Former President Koroma had no constitutional right to sack his former Vice President, Alhaji Sam-Sumana, but went ahead and did it and was blindly backed by some of his henchmen within the party and the humpty-dumpty Judiciary we have in the country. Sad, to say the least. While the Supreme Court backed his decision to sack his Vice President, the ECOWAS Community Court of Justice wronged the decision outright and ordered that Chief Sam-Sumana be paid his entire emolument. It is my view that that singular decision of former President Koroma to sack his Vice President contributed greatly to bringing the party down on its knees in the 2018 elections. What was more interesting is that the party and its stalwarts behaved like Mungo Park, who boasted of discovering the Sahara Desert – something that had been in existence before he was brought to the world. They treated the issue with outright complacency hoping that they have the numbers to win the elections, but later came to their senses when they realised that something shocking was about to happen. With their hands within their legs like puppets, they approached Sam-Sumana, whose Coalition For Change party seriously bruised the APC’s ego in Kono, and begged him to declare for them in the run-off. But Sam-Sumana was clever enough to have maintained silence because he would have faced the wrath of his people who voted for him in an outright protest against the injustice meted on him by former President Koroma.
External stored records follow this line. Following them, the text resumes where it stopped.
(* In the mechanism $\mathbb{M}_{\text{add}}$, the expected sum of payments made by the buyers equals $\frac12\sum_{\ell\in L}\Pr_{\mathbf v}[\ell\notin\Lambda_{n+1}(\mathbf v)]\,p_\ell$.
   Context: Two-sided market: buyers $[n]$, sellers $[m]$, items $[k]$; seller $j$ owns $I_j$ ($I_j$ disjoint, covering $[k]$). Buyer valuations $v_i$ are monotone normalized XOS functions on $2^{[k]}$ drawn independently from public distributions $G_i$; seller $j$'s valuation $w_j$ is additive over subsets of $I_j$, drawn independently from $F_j$. For XOS $v$ and $T\subseteq[k]$, $a(v,T,\cdot)$ is a fixed additive function with $a(v,T,T)=v(T)$, $a(v,T,S)\le v(S)$. $\mathbb{A}$ maps each buyer profile $\mathbf v$ to an allocation $X^{\mathbb A}(\mathbf v)$ of disjoint bundles to buyers. $\mathrm{SW}^B_\ell(\mathbf v)=a(v_i,X^{\mathbb A}_i(\mathbf v),\{\ell\})$ if $\ell\in X^{\mathbb A}_i(\mathbf v)$, else $0$; $\mathrm{SW}^S_\ell(\mathbf w)=w_j(\{\ell\})$ for $\ell\in I_j$. $L_j=\{\ell\in I_j:\mathbb{E}[\mathrm{SW}^B_\ell]\ge4\mathbb{E}[\mathrm{SW}^S_\ell]\}$, $L=\bigcup_jL_j$, $p_\ell=\frac12\mathbb{E}[\mathrm{SW}^B_\ell(\mathbf v)]$ for $\ell\in L$. Mechanism $\mathbb{M}_{\text{add}}$: $\Lambda_1=L$; buyers $i=1,\dots,n$ in turn request a bundle $B_i\subseteq\Lambda_i$ maximizing their expected utility at prices $p_\ell$, and $\Lambda_{i+1}=\Lambda_i\setminus B_i$; $\Lambda_{n+1}(\mathbf v)$ is the set of items of $L$ requested by no buyer when buyers' valuations are $\mathbf v$. Let $B=\bigcup_iB_i$. For each seller $j$: $S_j=B\cap L_j$, $p(S_j)=\sum_{\ell\in S_j}p_\ell$, $q_j=1/(2\Pr[w_j(S_j)\le p(S_j)])$; with probability $q_j$ offer $j$ payment $p(S_j)$ for $S_j$; she accepts iff $w_j(S_j)\le p(S_j)$; on acceptance each item of $S_j\cap B_i$ goes to buyer $i$, who pays $p_\ell$ for it. Buyers pay nothing for items not transferred. *)

From HB Require Import structures.
From mathcomp Require Import all_boot all_order all_algebra.
From mathcomp Require Import all_classical all_reals all_analysis.

Set Implicit Arguments.
Unset Strict Implicit.
Unset Printing Implicit Defensive.

Import Order.TTheory GRing.Theory Num.Theory.
Local Open Scope ring_scope.
(* Let $G$ be a connected graph. Then $\mathcal{Z}^{\mathrm{TE}}_+(G)=\mathcal{Z}^{\mathrm{TS}}_+(G)$ if and only if $G\cong K_n$ for some $n$.
   Context: PSD forcing: vertices are colored blue or white; if $B$ is the current set of blue vertices, $C$ a connected component of $G-B$, and $u$ a blue vertex with $N_G(u)\cap V(C)=\{v\}$, then $u$ may force $v$ to become blue. A PSD forcing set is a set of initially blue vertices from which repeated application of this rule turns every vertex blue; $\mathrm{Z}_+(G)$ is the minimum size of a PSD forcing set. $\mathcal{Z}^{\mathrm{TE}}_+(G)$ has as vertices the minimum PSD forcing sets of $G$, with $S_1S_2$ an edge iff $S_1\setminus S_2=\{v_1\}$ and $S_2\setminus S_1=\{v_2\}$ for some vertices $v_1,v_2$; $\mathcal{Z}^{\mathrm{TS}}_+(G)$ has the same vertex set with the additional adjacency requirement $v_1v_2\in E(G)$. *)

From mathcomp Require Import all_boot all_order.
Set Implicit Arguments. Unset Strict Implicit. Unset Printing Implicit Defensive.

Section PSD.
Variables (T : finType) (e : rel T).

Definition simple_graph : Prop := symmetric e /\ irreflexive e.

Definition connected_graph : Prop := forall x y : T, connect e x y.

Definition del_rel (B : {set T}) : rel T :=
  fun x y => [&& e x y, x \notin B & y \notin B].

Definition comp_of (B : {set T}) (v : T) : {set T} :=
  [set w | (w \notin B) && connect (del_rel B) v w].
(* Let $m\ge2$ be an integer and let $X$ be the conjugacy class of all transpositions in $S_m$, viewed as a quandle under conjugation $x^y=y^{-1}xy$. Then for every positive integer $n$ and every $s\in X^n$ whose entries generate $X$, the restriction to the stabilizer of $s$ in $B_n$ of the homomorphism $B_n\to S_n$ is surjective.
   Context: Entries generate $X$ if no proper subset of $X$ closed under $x^y$ contains them all. $B_n$ acts on $X^n$ from the right by $(\dots,x_i,x_{i+1},\dots)^{\sigma_i}=(\dots,x_{i+1},x_i^{x_{i+1}},\dots)$, and $B_n\to S_n$ sends $\sigma_i\mapsto(i\ i+1)$. *)

From mathcomp Require Import all_boot all_fingroup.
Set Implicit Arguments. Unset Strict Implicit. Unset Printing Implicit Defensive.
Local Open Scope group_scope.

(* Quandle X = conjugacy class of transpositions of S_m, operation x^y = y^-1 x y
   (MathComp's conjg). *)
Definition is_transposition (m : nat) (x : 'S_m) : bool :=
  [exists i : 'I_m, exists j : 'I_m, (i != j) && (x == tperm i j)].

Definition transpositions (m : nat) : {set 'S_m} :=
  [set x : 'S_m | is_transposition x].

Definition generates_quandle (m : nat) (s : seq 'S_m) : Prop :=
  forall Y : {set 'S_m},
    Y \subset transpositions m ->
    (forall x y, x \in Y -> y \in Y -> x ^ y \in Y) ->
    (forall x, x \in s -> x \in Y) ->
    Y = transpositions m.

(* Braid words: a letter (k, true) is sigma_{k+1}, (k, false) its inverse
   (0-based position k, acting on positions k and k+1). *)
Definition braid_letter := (nat * bool)%type.

Definition word_in_Bn (n : nat) (w : seq braid_letter) : bool :=
  all (fun l : braid_letter => l.1.+1 < n) w.

Definition letter_act (m : nat) (l : braid_letter) (s : seq 'S_m) : seq 'S_m :=
  let k := l.1 in
  let a := nth 1 s k in
  let b := nth 1 s k.+1 in
  if l.2 then set_nth 1 (set_nth 1 s k b) k.+1 (a ^ b)
  else set_nth 1 (set_nth 1 s k (b ^ a^-1)) k.+1 a.

Fixpoint braid_act (m : nat) (w : seq braid_letter) (s : seq 'S_m) : seq 'S_m :=
  match w with
  | [::] => s
  | l :: w' => braid_act w' (letter_act l s)
  end.

(* The transposition (i j) in S_n for i, j < n (identity in the degenerate case n = 0). *)
Definition tperm_nat (n : nat) (i j : nat) : 'S_n :=
  match n as n0 return 'S_n0 with
  | 0 => 1
  | n'.+1 => tperm (inord i : 'I_n'.+1) (inord j)
  end.

Fixpoint braid_perm (n : nat) (w : seq braid_letter) : 'S_n :=
  match w with
  | [::] => 1
  | l :: w' => tperm_nat n l.1 l.1.+1 * braid_perm n w'
  end.

From mathcomp Require Import all_boot all_fingroup.
Set Implicit Arguments. Unset Strict Implicit. Unset Printing Implicit Defensive.
Local Open Scope group_scope.

Lemma braid_conjg (gT : finGroupType) (a b : gT) :
  a * b * a = b * a * b -> b ^ a = a ^ b^-1.
Proof.
move=> hab; rewrite !conjgE invgK; apply: (mulgI a); apply: (mulIg b).
by rewrite mulKVg -!mulgA mulVg mulg1 !mulgA hab.
Qed.

Lemma braid_conjg_fixl (gT : finGroupType) (a b : gT) :
  a * b * a = b * a * b -> (a ^ b) ^ a = b.
Proof. by move/esym/braid_conjg->; rewrite conjgKV. Qed.

Lemma braid_conjg_fixr (gT : finGroupType) (a b : gT) :
  a * b * a = b * a * b -> b ^ (a ^ b) = a.
Proof.
have bb : b ^ b = b by rewrite conjgE mulKg.
by move/braid_conjg=> hab; rewrite -{1}bb -conjJg hab conjgKV.
Qed.

Lemma word_in_Bn_cat n (w1 w2 : seq braid_letter) :
  word_in_Bn n (w1 ++ w2) = word_in_Bn n w1 && word_in_Bn n w2.
Proof. exact: all_cat. Qed.

Lemma braid_act_cat m (w1 w2 : seq braid_letter) (s : seq 'S_m) :
  braid_act (w1 ++ w2) s = braid_act w2 (braid_act w1 s).
Proof. by elim: w1 s => //= l w IH s; rewrite IH. Qed.

Lemma braid_perm_cat n (w1 w2 : seq braid_letter) :
  braid_perm n (w1 ++ w2) = braid_perm n w1 * braid_perm n w2.
Proof. by elim: w1 => [|l w IH] /=; rewrite ?mul1g // IH mulgA. Qed.

Lemma letter_act_sigma m (s1 s2 : seq 'S_m) a b :
  letter_act (size s1, true) (s1 ++ a :: b :: s2) = s1 ++ b :: a ^ b :: s2.
Proof.
rewrite /letter_act /= !nth_cat ltnn ltnNge leqnSn subnn subSnn /=.
by elim: s1 => //= x s1 ->.
Qed.

Lemma letter_act_sigmaV m (s1 s2 : seq 'S_m) a b :
  letter_act (size s1, false) (s1 ++ a :: b :: s2) = s1 ++ b ^ a^-1 :: a :: s2.
Proof.
rewrite /letter_act /= !nth_cat ltnn ltnNge leqnSn subnn subSnn /=.
by elim: s1 => //= x s1 ->.
Qed.

Lemma tperm_natE n (i j : 'I_n) : tperm_nat n i j = tperm i j.
Proof. by case: n i j => [[]//|n] i j /=; rewrite !inord_val. Qed.

Lemma tperm_natV n i j : (tperm_nat n i j)^-1 = tperm_nat n i j.
Proof. by case: n => [|n] /=; rewrite ?invg1 ?tpermV. Qed.

Lemma tperm_natJ n i j : i < j -> j.+1 < n ->
  tperm_nat n i j ^ tperm_nat n j j.+1 = tperm_nat n i j.+1.
Proof.
case: n => // n lt_ij lt_jn /=.
have lt_in : i < n.+1 by rewrite (ltn_trans lt_ij) // ltnW.
have inord_neq a b : a < n.+1 -> b < n.+1 -> a != b -> (inord a : 'I_n.+1) != inord b.
  by move=> ? ?; apply: contra => /eqP/(congr1 val)/=; rewrite !inordK // => ->.
have lt_ij1 : i < j.+1 by rewrite ltnW.
by rewrite tpermJ tpermL tpermD // inord_neq ?gtn_eqF // ltnW.
Qed.

Definition stab_image {m} n (s : seq 'S_m) (p : 'S_n) : Prop :=
  exists w : seq braid_letter,
    [/\ word_in_Bn n w, braid_act w s = s & braid_perm n w = p].
Arguments stab_image {m} n s p.

Lemma stab_image1 m n (s : seq 'S_m) : stab_image n s 1.
Proof. by exists [::]. Qed.

Lemma stab_imageM m n (s : seq 'S_m) p q :
  stab_image n s p -> stab_image n s q -> stab_image n s (p * q).
Proof.
move=> [w1 [Bw1 sw1 pw1]] [w2 [Bw2 sw2 pw2]]; exists (w1 ++ w2).
by rewrite word_in_Bn_cat braid_act_cat braid_perm_cat Bw1 Bw2 sw1 sw2 pw1 pw2.
Qed.

Lemma stab_image_tperm_nat m n (s : seq 'S_m) i j :
  size s = n -> i < j -> j < n ->
  nth 1 s i * nth 1 s j * nth 1 s i = nth 1 s j * nth 1 s i * nth 1 s j ->
  stab_image n s (tperm_nat n i j).
Proof.
move=> <-; elim: j s i => // j IH s i le_ij lt_js.
have [s1 [x [y [s2 [def_s size_s1]]]]] :
    exists s1 x y s2, s = s1 ++ x :: y :: s2 /\ size s1 = j.
  exists (take j s), (nth 1 s j), (nth 1 s j.+1), (drop j.+2 s); split.
    by rewrite -{1}(cat_take_drop j s) (drop_nth 1 (ltnW lt_js)) (drop_nth 1 lt_js).
  by rewrite size_takel // ltnW // ltnW.
subst s j; rewrite size_cat /= in lt_js *.
have nth_y : nth 1 (s1 ++ x :: y :: s2) (size s1).+1 = y.
  by rewrite nth_cat ltnNge leqnSn subSnn.
rewrite nth_y; move: le_ij; rewrite ltnS leq_eqVlt => /predU1P[-> | lt_ij].
  rewrite nth_cat ltnn subnn /= => braid_xy.
  exists [:: (size s1, true); (size s1, true); (size s1, true)]; split.
  - by rewrite /word_in_Bn /= lt_js.
  - by rewrite /= !letter_act_sigma braid_conjg_fixr // braid_conjg_fixl.
  - by rewrite /= mulg1 -{1}tperm_natV mulKg.
rewrite nth_cat lt_ij => braid_iy.
have := IH (s1 ++ y :: x ^ y :: s2) i lt_ij.
rewrite !nth_cat lt_ij ltnn subnn size_cat /= => /(_ (ltnW lt_js) braid_iy).
case=> w [Bw sw pw].
exists ((size s1, true) :: w ++ [:: (size s1, false)]); split.
- by move: Bw; rewrite /word_in_Bn /= all_cat lt_js => -> /=; rewrite lt_js.
- by rewrite /= letter_act_sigma braid_act_cat sw /= letter_act_sigmaV conjgK.
- by rewrite /= braid_perm_cat pw /= mulg1 -(tperm_natJ (i := i)) // conjgE tperm_natV.
Qed.

Lemma perm_connect_ind (T : finType) (e : rel T) (P : {perm T} -> Prop) :
  P 1 -> (forall p q, P p -> P q -> P (p * q)) ->
  (forall x y, e x y -> P (tperm x y)) ->
  (forall x y, connect e x y) -> forall p, P p.
Proof.
move=> P1 PM Pe conn_e.
have P_tperm x y : P (tperm x y).
  suff P_path p u : P (tperm x u) -> path e u p -> P (tperm x (last u p)).
    by have /connectP[p e_p ->] := conn_e x y; apply: P_path e_p; rewrite tperm1.
  elim: p u => [//| v p IH] u Pxu /andP[e_uv e_p]; apply: IH e_p.
  have [<- | neq_ux] := eqVneq u x; first exact: Pe.
  have [-> | neq_vx] := eqVneq v x; first by rewrite tperm1.
  have -> : tperm x v = tperm u v * (tperm x u * tperm u v).
    by rewrite -{1}(tpermV u v) -conjgE tpermJ tpermL tpermD.
  by apply: PM (Pe _ _ e_uv) (PM _ _ Pxu (Pe _ _ e_uv)).
move=> p; have [ts -> _] := prod_tpermP p.
by elim: ts => [|t ts IH]; rewrite ?big_nil ?big_cons //; apply: PM.
Qed.

Lemma is_transpositionP m (x : 'S_m) :
  reflect (exists a b, a != b /\ x = tperm a b) (is_transposition x).
Proof.
apply: (iffP existsP) => [[a /existsP[b /andP[nab /eqP->]]] | [a [b [nab ->]]]].
  by exists a, b.
by exists a; apply/existsP; exists b; rewrite nab eqxx.
Qed.

Lemma transposition_moves m (x : 'S_m) : is_transposition x -> exists z, x z != z.
Proof. by case/is_transpositionP=> a [b [nab ->]]; exists a; rewrite tpermL eq_sym. Qed.

Lemma transpositionsJ m (x y : 'S_m) :
  x \in transpositions m -> x ^ y \in transpositions m.
Proof.
rewrite !inE => /is_transpositionP[a [b [nab ->]]]; apply/is_transpositionP.
by exists (y a), (y b); rewrite tpermJ (inj_eq perm_inj).
Qed.

Lemma tperm_movedP (T : finType) (a b z : T) :
  tperm a b z != z -> exists2 c, z != c & tperm a b = tperm z c.
Proof.
case: tpermP => [-> | -> | _ _]; last by rewrite eqxx.
  by exists b; rewrite // eq_sym.
by exists a; rewrite 1?eq_sym // tpermC.
Qed.

Lemma tperm_braid (T : finType) (a b d : T) : a != b -> a != d ->
  tperm a b * tperm a d * tperm a b = tperm a d * tperm a b * tperm a d.
Proof.
move=> nab nad; have [-> // | nbd] := eqVneq d b.
have tpermMJ x y (p : {perm T}) : tperm x y * p * tperm x y = p ^ tperm x y.
  by rewrite conjgE tpermV mulgA.
by rewrite !tpermMJ !tpermJ !tpermL !tpermD // 1?eq_sym // tpermC.
Qed.

Definition share_moved m (x y : 'S_m) : bool := [exists z, (x z != z) && (y z != z)].

Lemma share_moved_braid m (x y : 'S_m) :
  is_transposition x -> is_transposition y -> share_moved x y ->
  x * y * x = y * x * y.
Proof.
case/is_transpositionP=> a [b [_ ->]]; case/is_transpositionP=> c [d [_ ->]].
case/existsP=> z /andP[/tperm_movedP[b' nzb' ->] /tperm_movedP[d' nzd' ->]].
exact: tperm_braid.
Qed.

Lemma tperm_astabs m (V : {set 'I_m}) a b :
  (tperm a b \in 'N(V | 'P)) = ((a \in V) == (b \in V)).
Proof.
apply/astabsP/eqP => [/(_ a) | eqV z]; rewrite /= apermE; first by rewrite tpermL => ->.
by case: tpermP => // ->.
Qed.

Lemma astabs_transpositions_full m (V : {set 'I_m}) a :
  transpositions m \subset 'N(V | 'P) -> a \in V -> V = setT.
Proof.
move=> /subsetP trV aV; apply/setP=> y; rewrite inE.
have [<- // | nay] := eqVneq a y.
have /trV : tperm a y \in transpositions m.
  by rewrite inE; apply/is_transpositionP; exists a, y.
by rewrite tperm_astabs aV => /eqP<-.
Qed.

Section QuandleGenerators.

Variables (m : nat) (s : seq 'S_m).
Hypothesis s_tr : all (@is_transposition m) s.

Lemma transposition_nth (k : 'I_(size s)) : is_transposition (nth 1 s k).
Proof. exact: (all_nthP 1 s_tr). Qed.

Definition share_graph : rel 'I_(size s) :=
  fun i j => share_moved (nth 1 s i) (nth 1 s j).

Lemma stab_image_share (i j : 'I_(size s)) :
  share_graph i j -> stab_image (size s) s (tperm i j).
Proof.
move/share_moved_braid=> /(_ (transposition_nth i) (transposition_nth j)) braid_ij.
case: (ltngtP i j) => [lt_ij | lt_ji | /val_inj->]; last first.
- by rewrite tperm1; apply: stab_image1.
- by rewrite tpermC -tperm_natE; apply: stab_image_tperm_nat.
- by rewrite -tperm_natE; apply: stab_image_tperm_nat.
Qed.

Hypothesis s_gen : generates_quandle s.

Lemma generates_quandle_astabs (V : {set 'I_m}) :
  {subset s <= 'N(V | 'P)} -> transpositions m \subset 'N(V | 'P).
Proof.
move=> sV; have <- : transpositions m :&: 'N(V | 'P) = transpositions m.
  apply: s_gen => [|x y /setIP[trx Vx] /setIP[_ Vy] | x sx].
  - exact: subsetIl.
  - by rewrite inE transpositionsJ // groupJ.
  - by rewrite inE sV // andbT inE (allP s_tr).
exact: subsetIr.
Qed.

Lemma share_graph_connected (i j : 'I_(size s)) : connect share_graph i j.
Proof.
pose C := [set k | connect share_graph i k].
pose V := [set z | [exists k in C, nth 1 s k z != z]].
have moved_V (k : 'I_(size s)) z : nth 1 s k z != z -> (z \in V) = (k \in C).
  move=> kz; apply/idP/idP => [| kC]; last by rewrite inE; apply/exists_inP; exists k.
  rewrite !inE => /exists_inP[k' k'C k'z]; rewrite inE in k'C.
  by apply: connect_trans k'C (connect1 _); apply/existsP; exists z; rewrite k'z kz.
have s_astabs : {subset s <= 'N(V | 'P)}.
  move=> x /(nthP 1)[k lt_ks <-]; apply/astabsP => z; rewrite /= apermE.
  have [-> // | kz] := eqVneq (nth 1 s k z) z.
  have kkz : nth 1 s k (nth 1 s k z) != nth 1 s k z by rewrite (inj_eq perm_inj).
  by rewrite (moved_V (Ordinal lt_ks) _ kz) (moved_V (Ordinal lt_ks) _ kkz).
have [a ia] := transposition_moves (transposition_nth i).
have V_full : V = setT.
  apply: (astabs_transpositions_full (generates_quandle_astabs s_astabs) (a := a)).
  by rewrite (moved_V i a ia) inE connect0.
have [b jb] := transposition_moves (transposition_nth j).
by have := moved_V j b jb; rewrite V_full !inE.
Qed.

End QuandleGenerators.

Theorem proposition4p40 (m : nat) (hm : 2 <= m) (n : nat) (hn : 0 < n)
  (s : seq 'S_m) (hsize : size s = n)
  (hX : all (@is_transposition m) s) (hgen : generates_quandle s) :
  forall pi : 'S_n,
    exists w : seq braid_letter,
      [/\ word_in_Bn n w, braid_act w s = s & braid_perm n w = pi].
Proof.
subst n; apply: (perm_connect_ind (stab_image1 _ s) (@stab_imageM _ _ s)).
- exact: stab_image_share.
- exact: share_graph_connected.
Qed.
I think the APC must have learnt from their mistakes and would make the necessary amends. I am of the firm conviction that nobody was born a dictator and that they should not allow an individual to be more powerful than the party’s structure. Former President Koroma was seen like a demi-god and he took advantage of that to select a candidate against the will of not only the general populace, but also those within the APC.

Many would argue that the party had a wrong choice for the 2018 elections hence they lost. But some would defer because there were several factors that led to the party’s failure to clinch the presidency. Samura Kamara is a fine gentleman with a clean record but the actions of former President Koroma prevented him from being president. To me, I would squarely blame the APC party stalwarts for allowing former President Koroma to do things with reckless abandoned. I was in the hall in Makeni during the delegate’s conference where he talked down on people like children learning koranic lesson in an Islamic school.

In his quiet moment at his Goderich residence, President Koroma must be regretting his actions that led to the failure of the party to win the 2018 elections. In his quiet moment, he must be pondering over his outright disregard for the country’s constitution, which he took an oath to uphold, but fumbled along the way. He must be pondering over the numerous toes he stepped on running up to the 2018 elections and should bow his head in utter shame. Like my learned mentor told me earlier, he should have retired as a statesman but could not because he did a lot of odds that would prevent him from being so.